[Exercise description] The first line of the entries through the line bearing "Lemma kernel_unit_vector N": copy these lines exactly and return nothing else.

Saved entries
Lemma sigma_min_gt0 N (L : 'M[C]_N) : (0 < N)%N -> L \in unitmx -> 0 < sigma_min L.
Proof.
move=> N0 Lunit; set K := entrywise_l1 (invmx L).
have Kbound w : vnorm w = 1 -> 1 <= K * vnorm (L *m w).
  by move=> w1; rewrite -w1 -[w in vnorm w](mulKmx Lunit) vnorm_mulmx_le_l1.
have Kpos : 0 < K.
  have [u /Kbound] := unit_vector_exists N0; have := vnorm_ge0 (L *m u).
  by move=> Lu_ge0 Lu1; rewrite ltNge; apply/negP => K0; nra.
apply: lt_le_trans (_ : K^-1 <= _); first by rewrite invr_gt0.
apply: lb_le_inf; first exact: unit_sphere_image_neq0.
by move=> _ [w /Kbound w1 <-]; rewrite -[K^-1]mulr1 ler_pdivrMl.
Qed.

Lemma kernel_unit_vector N (L : 'M[C]_N) :
  L \notin unitmx -> exists v, vnorm v = 1 /\ L *m v = 0.
Proof.
rewrite unitmxE unitfE negbK -det_tr => /det0P [r r0 rL].
have v0 : r^T != 0 by rewrite -(inj_eq (@trmx_inj _ _ _)) trmxK trmx0.
exists ((vnorm r^T)^-1%:C *: r^T); split; first exact: vnorm_normalize.
by rewrite -scalemxAr -[L]trmxK -trmx_mul rL trmx0 scaler0.
Qed.

(* [sigma_min L] is an infimum, so it is only approached within a margin; the margin
   [e1 ^+ 2 + e2] is absorbed by the constant [m + m >= 2] of the main theorem. *)
Lemma near_minimizing_unit_vector N (L : 'M[C]_N) (e1 e2 : R) :
  (0 < N)%N -> 0 <= e2 -> sigma_min L <= e1 ->
  exists v, vnorm v = 1 /\ sqnorm (L *m v) <= 2 * e1 ^+ 2 + e2.
Proof.
move=> N0 e2_ge0 Le1.
have [Lunit|/kernel_unit_vector [v [v1 Lv0]]] := boolP (L \in unitmx); last first.
  by exists v; rewrite -sqr_vnorm Lv0 vnorm0 expr2 mul0r; split => //; nra.
have e1_gt0 := lt_le_trans (sigma_min_gt0 N0 Lunit) Le1.
have tau_ge0 : 0 <= 2 * e1 ^+ 2 + e2 by nra.
have : sigma_min L < Num.sqrt (2 * e1 ^+ 2 + e2).
  apply: le_lt_trans Le1 _; rewrite -[X in X < _]gtr0_norm // -sqrtr_sqr.
  by rewrite ltr_sqrt; nra.
case/(inf_lt (unit_sphere_image_neq0 L N0)) => _ [v v1 <-] Lv.
exists v; split => //; rewrite -sqr_vnorm -(sqr_sqrtr tau_ge0).
by rewrite ltW // ltrXn2r ?vnorm_ge0 ?sqrtr_ge0.
Qed.

Lemma weighted_pigeonhole (I : finType) (a b : I -> R) (T : R) :
  (forall j, 0 <= a j) -> \sum_j a j = 1 -> \sum_j b j <= T ->
  (forall j, a j = 0 -> b j = 0) -> exists j, 0 < a j /\ b j <= T * a j.
Proof.
move=> a_ge0 a1 bT ab; apply: contrapT => /forallNP b_gt.
have aTb j : T * a j <= b j.
  have [aj0|aj_neq0] := eqVneq (a j) 0; first by rewrite aj0 ab // mulr0.
  rewrite leNgt; apply/negP => bj; apply: (b_gt j); split; last exact: ltW.
  by rewrite lt_def aj_neq0 a_ge0.
have [j0 aj0] : exists j, 0 < a j.
  apply: contrapT => /forallNP a_le0; move/eqP: a1; rewrite big1 ?(eq_sym 0) ?oner_eq0 // => j _.
  by apply/eqP; rewrite eq_le a_ge0 andbT leNgt; apply/negP; apply: a_le0.
have : \sum_j T * a j < \sum_j b j.
  rewrite (bigD1 j0) //= [X in _ < X](bigD1 j0) //= ltr_leD ?ler_sum //.
  by rewrite ltNge; apply/negP => bj0; apply: (b_gt j0).
by rewrite -mulr_sumr a1 mulr1; lra.
Qed.

Lemma exists_unit_vector_le (I : finType) p (f : I -> 'cV[C]_p -> R)
    (w : I -> 'cV[C]_p) (T : R) :
  (forall j (c : R) u, f j (c%:C *: u) = c ^+ 2 * f j u) ->
  \sum_j sqnorm (w j) = 1 -> \sum_j f j (w j) <= T ->
  exists j psi, vnorm psi = 1 /\ f j psi <= T.
Proof.
move=> fZ w1 fT.
have f0 j : w j = 0 -> f j (w j) = 0.
  by move=> ->; have := fZ j 0 0; rewrite scaler0 => ->; rewrite expr2 !mul0r.
have [|j [wj_gt0 fj]] := weighted_pigeonhole (fun j => sqnorm_ge0 (w j)) w1 fT.
  by move=> j /sqnorm_eq0; apply: f0.
have wj0 : w j != 0.
  by apply: contraTneq wj_gt0 => ->; rewrite -sqr_vnorm vnorm0 expr2 mul0r ltxx.
exists j, ((vnorm (w j))^-1%:C *: w j); split; first exact: vnorm_normalize.
by rewrite fZ exprVn sqr_vnorm -(ler_pM2l wj_gt0) mulrA mulfV ?gt_eqF // mul1r mulrC.
Qed.

End Norms.

Section Tensor.
Variable R : realType.
Local Notation C := R[i].
Local Notation normc := (@ComplexField.Normc.normc R).
Local Notation Re := (@complex.Re R).

Lemma big_mxtens_index (V : nmodType) p q (F : 'I_(p * q) -> V) :
  \sum_k F k = \sum_(a < p) \sum_(b < q) F (mxtens_index (a, b)).
Proof.
rewrite pair_big (reindex (@mxtens_index p q)) /=; first by apply: eq_bigr => -[].
by exists (@mxtens_unindex p q) => k _; rewrite (mxtens_indexK, mxtens_unindexK).
Qed.

Definition mxtens_slice {p q} (v : 'cV[C]_(p * q)) (b : 'I_q) : 'cV[C]_p :=
  \col_a v (mxtens_index (a, b)) 0.

Lemma sqnorm_slices p q (v : 'cV[C]_(p * q)) : sqnorm v = \sum_b sqnorm (mxtens_slice v b).
Proof.
rewrite /sqnorm big_mxtens_index exchange_big; apply: eq_bigr => b _.
by apply: eq_bigr => a _; rewrite mxE.
Qed.

Lemma slice_mulmx_tens_diag p q (M : 'M[C]_p) (E : 'M[C]_q) (v : 'cV[C]_(p * q)) b :
  is_diag_mx E -> mxtens_slice ((M *t E) *m v) b = E b b *: (M *m mxtens_slice v b).
Proof.
move=> /is_diag_mxP Ediag; apply/matrixP => a k; rewrite [k]ord1 !mxE.
rewrite big_mxtens_index mulr_sumr; apply: eq_bigr => c _; rewrite (bigD1 b) //= big1.
  by rewrite tensmxE !mxE addr0 mulrCA mulrA.
by move=> e eb; rewrite tensmxE Ediag ?mulr0 ?mul0r // eq_sym.
Qed.

Lemma sqnorm_mulmx_tens_diag p q (M : 'M[C]_p) (E : 'M[C]_q) (v : 'cV[C]_(p * q)) :
  is_diag_mx E ->
  sqnorm ((M *t E) *m v) = \sum_b normc (E b b) ^+ 2 * sqnorm (M *m mxtens_slice v b).
Proof.
move=> Ediag; rewrite sqnorm_slices; apply: eq_bigr => b _.
by rewrite slice_mulmx_tens_diag // sqnormZ.
Qed.

Lemma tensmxBl p q r s (M N : 'M[C]_(p, q)) (E : 'M[C]_(r, s)) :
  (M - N) *t E = M *t E - N *t E.
Proof. by apply/matrixP => i j; rewrite !mxE mulrBl. Qed.

Lemma tensmxNr p q r s (M : 'M[C]_(p, q)) (E : 'M[C]_(r, s)) : M *t (- E) = - (M *t E).
Proof. by apply/matrixP => i j; rewrite !mxE mulrN. Qed.

Lemma tens1mx p q : (1%:M : 'M[C]_p) *t (1%:M : 'M[C]_q) = 1%:M.
Proof.
apply/matrixP => i j; case: (mxtens_indexP i) => a b; case: (mxtens_indexP j) => c e.
rewrite tensmxE !mxE (inj_eq (can_inj (@mxtens_indexK p q))) xpair_eqE.
by case: (a == c); case: (b == e); rewrite /= ?mulr1n ?mulr0n ?mulr1 ?mulr0.
Qed.

Lemma sqnorm_mulmx_unitary p (U : 'M[C]_p) v : adjmx U *m U = 1%:M ->
  sqnorm (U *m v) = sqnorm v.
Proof. by move=> UU; rewrite !sqnormE adjmxM -mulmxA (mulmxA (adjmx U)) UU mul1mx. Qed.

Lemma vnorm_mulmx_tens_unitary p q (M : 'M[C]_p) (U : 'M[C]_q) (v : 'cV[C]_(p * q)) :
  (0 < p)%N -> adjmx U *m U = 1%:M -> vnorm ((M *t U) *m v) <= opnorm M * vnorm v.
Proof.
move=> p0 UU; have M_ge0 := opnorm_ge0 M p0.
have U_isometry : sqnorm ((1%:M *t U) *m v) = sqnorm v.
  by rewrite sqnorm_mulmx_unitary // adjmx_tens adjmx_scalar rmorph1 tensmx_mul mul1mx UU tens1mx.
rewrite tensmx_decr -mulmxA; apply: vnorm_le; first by rewrite mulr_ge0 ?vnorm_ge0.
rewrite exprMn sqr_vnorm -U_isometry (sqnorm_mulmx_tens_diag _ _ (scalar_mx_is_diag _ _)).
rewrite sqnorm_slices mulr_sumr; apply: ler_sum => b _.
rewrite mxE eqxx mulr1n ComplexField.Normc.normc1 expr1n mul1r -!sqr_vnorm -exprMn.
by rewrite lerXn2r ?nnegrE ?mulr_ge0 ?vnorm_ge0 ?vnorm_mulmx_le.
Qed.

Definition rayleigh {p} (v : 'cV[C]_p) (M : 'M[C]_p) : R := Re ((adjmx v *m M *m v) 0 0).

Lemma rayleigh_is_zmod_morphism p (v : 'cV[C]_p) : zmod_morphism (rayleigh v).
Proof. by move=> M N; rewrite /rayleigh mulmxBr mulmxBl -raddfB !mxE. Qed.

HB.instance Definition _ p (v : 'cV[C]_p) := GRing.isZmodMorphism.Build 'M[C]_p R
  (rayleigh v) (rayleigh_is_zmod_morphism v).

Lemma rayleigh_adjmx_mul p q (N : 'M[C]_(q, p)) v : rayleigh v (adjmx N *m N) = sqnorm (N *m v).
Proof. by rewrite /rayleigh sqnormE adjmxM !mulmxA. Qed.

[Reply]
Lemma sigma_min_gt0 N (L : 'M[C]_N) : (0 < N)%N -> L \in unitmx -> 0 < sigma_min L.
Proof.
move=> N0 Lunit; set K := entrywise_l1 (invmx L).
have Kbound w : vnorm w = 1 -> 1 <= K * vnorm (L *m w).
  by move=> w1; rewrite -w1 -[w in vnorm w](mulKmx Lunit) vnorm_mulmx_le_l1.
have Kpos : 0 < K.
  have [u /Kbound] := unit_vector_exists N0; have := vnorm_ge0 (L *m u).
  by move=> Lu_ge0 Lu1; rewrite ltNge; apply/negP => K0; nra.
apply: lt_le_trans (_ : K^-1 <= _); first by rewrite invr_gt0.
apply: lb_le_inf; first exact: unit_sphere_image_neq0.
by move=> _ [w /Kbound w1 <-]; rewrite -[K^-1]mulr1 ler_pdivrMl.
Qed.

Lemma kernel_unit_vector N (L : 'M[C]_N) :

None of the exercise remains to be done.